You find the dataset has 81 columns which are a lot. 

#### Since the column `Id` is meaningless in our data visualization work, let's drop it

In [None]:
df.drop(columns='Id',inplace=True)
df.head()

You care about missing values. If a column has too many missing values, it is not reliable to use it to predict sales price.

#### In the cell below, calculate the percentage of missing values for each column. 

Make a table containing the column name and the percentage of missing values. Print the columns where more than 20% of values are missing. An example of your output looks like:

![Missing Values](missing-values.png)

[This reference](https://stackoverflow.com/questions/51070985/find-out-the-percentage-of-missing-values-in-each-column-in-the-given-dataset) can help you make the missing values table.

In [None]:
percent = 100 * df.isna().sum()/df.shape[0]
missing_val = pd.DataFrame(percent,columns=['percent_missing']).sort_values(by='percent_missing',ascending=False)
missing_val

#### Drop the columns you find that have more than 20% missing values.

After dropping, check the shape of your dataframes. You should have 75 columns now.

In [None]:
df.drop(missing_val[missing_val['percent_missing']>20].index,axis=1,inplace=True)

In [None]:
df.shape

Since you're asked to analyze sale prices, first let's see if the sale prices (column `SalePrice`) has a normal distribution. This is important because normally distributed data can be better represented with mathematical models.

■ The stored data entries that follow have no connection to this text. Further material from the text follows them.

(* A Catalan path and a Catalan tableau are both encoded by a profile [e] on
   the columns [x < n - k]: for the path, [e x] counts the rows whose south
   step lies right of column [x]; for the tableau, [e x] counts the rows
   holding a beta in some column [>= x].  In both cases [e] is nonincreasing,
   vanishes at [n - k] and is bounded by the column lengths of [Y], and every
   such profile arises from exactly one object.  For tableaux this is because
   rules (i)-(iii), applied column by column from right to left, leave no
   choice: the boxes of [Y] with no beta to their right receive, from top to
   bottom, empty boxes, at most one alpha and then betas, and the number of betas
   [e x - e (x + 1)] fixes the position of the alpha.  Through the profile,
   rows without beta correspond to south steps on the west border, and columns
   without alpha to columns where [e x] equals the column length of [Y], i.e.
   where the path runs along [L]; hence the weights agree. *)

Definition rank (P : pred nat) (i : nat) : nat := count P (iota 0 i.+1).

Lemma count_iotaS0 (P : pred nat) n :
  count P (iota 0 n.+1) = count P (iota 0 n) + P n.
Proof. by rewrite -addn1 iotaD count_cat /= addn0. Qed.

Lemma count_split_and {T : Type} (a b : pred T) (s : seq T) :
  count a s = count (fun x => a x && b x) s + count (fun x => a x && ~~ b x) s.
Proof. by elim: s => //= x s ->; case: (a x); case: (b x) => /=; lia. Qed.

Lemma count_predU_disjoint {T : Type} (a b : pred T) (s : seq T) :
  (forall x, ~~ (a x && b x)) ->
  count (fun x => a x || b x) s = count a s + count b s.
Proof.
by move=> ab; elim: s => //= x s ->; move: (ab x); case: (a x); case: (b x) => /=; lia.
Qed.

Lemma count_ltn_iota c m : count (fun x => x < c) (iota 0 m) = minn c m.
Proof.
elim: m => [|m IHm]; first by rewrite minn0.
by rewrite count_iotaS0 IHm /=; lia.
Qed.

Lemma card_ord_pred k (P : pred nat) : #|[set i : 'I_k | P i]| = count P (iota 0 k).
Proof. by rewrite cardsE cardE /enum_mem size_filter -enumT -val_enum_ord count_map. Qed.

Lemma count_iota_sum (P : pred nat) m : count P (iota 0 m) = \sum_(0 <= x < m) (P x : nat).
Proof.
elim: m => [|m IHm]; first by rewrite big_geq.
by rewrite count_iotaS0 big_nat_recr //= IHm.
Qed.

Lemma sum_nat_eq1 (c : nat -> bool) a m :
  \sum_(0 <= h < m) ((h == a) && c h : nat) = (a < m) && c a.
Proof.
elim: m => [|m IHm]; first by rewrite big_geq.
by rewrite big_nat_recr //= IHm; case: (ltngtP a m) => [am|ma|->] /=;
  rewrite ?ltnSn ?andbT //; lia.
Qed.

Lemma count_iota_leq (P : pred nat) m n : m <= n ->
  count P (iota 0 m) <= count P (iota 0 n).
Proof. by move=> mn; rewrite -(subnKC mn) iotaD count_cat leq_addr. Qed.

#### In the cell below, use the propriate graph to visualize the shape of distribution of the sale prices. Then explain what you find from the graph about data distribution.

In [None]:
sns.distplot(df.SalePrice);


In [None]:
df.SalePrice.describe()

In [None]:
"""
The distribution of SalePrice is slightly skewed to the left.
It is confirmed by the mean and the mediane that are not equals.

"""


## Bonus Challenge 1 - Adjust Data Distribution

If you used the correct method in the previous step, you should have found the data distribution is skewed to the left. In order to improve your data visualization in the next steps, you can opt to adjust the `SalePrice` column by applying a mathematical function to the values. The goal is to produce a bell-shape normal distribution after applying the mathematical function to the sale price.

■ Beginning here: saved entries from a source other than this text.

(* Let $A,N_1,\dots,N_m\in\mathbb R^{n\times n}$ with $\sigma(A)\subset\mathbb C_-$, and for $x_0\in\mathbb R^n$ and $u=(u_1,\dots,u_m)^T\in L^2$ let $x(t,x_0,0)$, $t\ge0$, denote the solution to $\dot x(t)=Ax(t)+\sum_{k=1}^m N_kx(t)u_k(t)$, $x(0)=x_0$. Then there exist $\gamma,k_1,k_2>0$ such that $$\|x(t,x_0,0)\|_2^2\le\exp\{\gamma^2\|u^0\|_{L^2}^2\}\,\|x_0\|_2^2\,k_1e^{-k_2t}\qquad\text{for all }t\ge0$$ for all $u\in L^2$ (and all $x_0$).
   Context: $\mathbb C_-=\{z\in\mathbb C:\Re z<0\}$ and $\sigma(\cdot)$ denotes the spectrum. $L^2$ is the set of $u:[0,\infty)\to\mathbb R^m$ with $\|u\|_{L^2}^2=\int_0^\infty u^T(s)u(s)\,ds<\infty$. The vector $u^0=(u^0_1,\dots,u^0_m)^T$ is defined by $u^0_k\equiv 0$ if $N_k=0$ and $u^0_k=u_k$ otherwise. *)

From HB Require Import structures.
From mathcomp Require Import all_boot all_order all_algebra.
From mathcomp Require Import all_classical all_reals all_analysis.
From mathcomp Require Import complex.
Set Implicit Arguments. Unset Strict Implicit. Unset Printing Implicit Defensive.
Import Order.TTheory GRing.Theory Num.Theory.
Local Open Scope classical_set_scope.
Local Open Scope ring_scope.

Definition spectrum_in_Cminus (R : rcfType) (n : nat) (A : 'M[R]_n) : Prop :=
  forall z : R[i], eigenvalue (map_mx (fun r : R => (r%:C)%C) A) z -> Re z < 0.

*This technique is optional in data visualization but you'll find it useful in your future machine learning analysis.*

#### In the cell below, adjust the `SalePrice` column so that the data are normally distributed.

Try applying various mathematical functions such as square root, power, and log to the `SalePrice` column. Visualize the distribution of the adjusted data until you find a function that makes the data normally distributed. **Create a new column called `SalePriceAdjusted` to store the adjusted sale price.**

[This reference](https://trainingdatascience.com/workshops/histograms-and-skewed-data/) shows you examples on how to adjust skewed data.

In [None]:
# Normalization to logarithmic 

df_exp = df.SalePrice.apply(np.log)
sns.distplot(df_exp);

df_exp.describe()

In [None]:
# Normalization to Square Root 

df_sqrt = df.SalePrice.apply(np.sqrt)
sns.distplot(df_sqrt);

df_sqrt.describe()

In [None]:
# Normalization to Power

df_pow = df.SalePrice.apply(lambda x: x**2)
sns.distplot(df_pow);

df_pow.describe()

In [None]:
# Normalize with logarithmic function because it seems to be the most normally distributed data.

df['SalePriceAdjusted'] = df.SalePrice.apply(np.log)

## Challenge 2 - Exploring Data with Common Sense

Now that we have a general understanding of the dataset, we start exploring the data with common sense by means of data visualization. Yes, in data analysis and even machine learning you are often required to use common sense. You use your common sense to make a scientific guess (i.e. hypothesis) then use data analytics methods to test your hypothesis.

This dataset is about housing sales. According to common sense, housing prices depend on the following factors:

* **Size of the house** (`GrLivArea`, `LotArea`, and `GarageArea`).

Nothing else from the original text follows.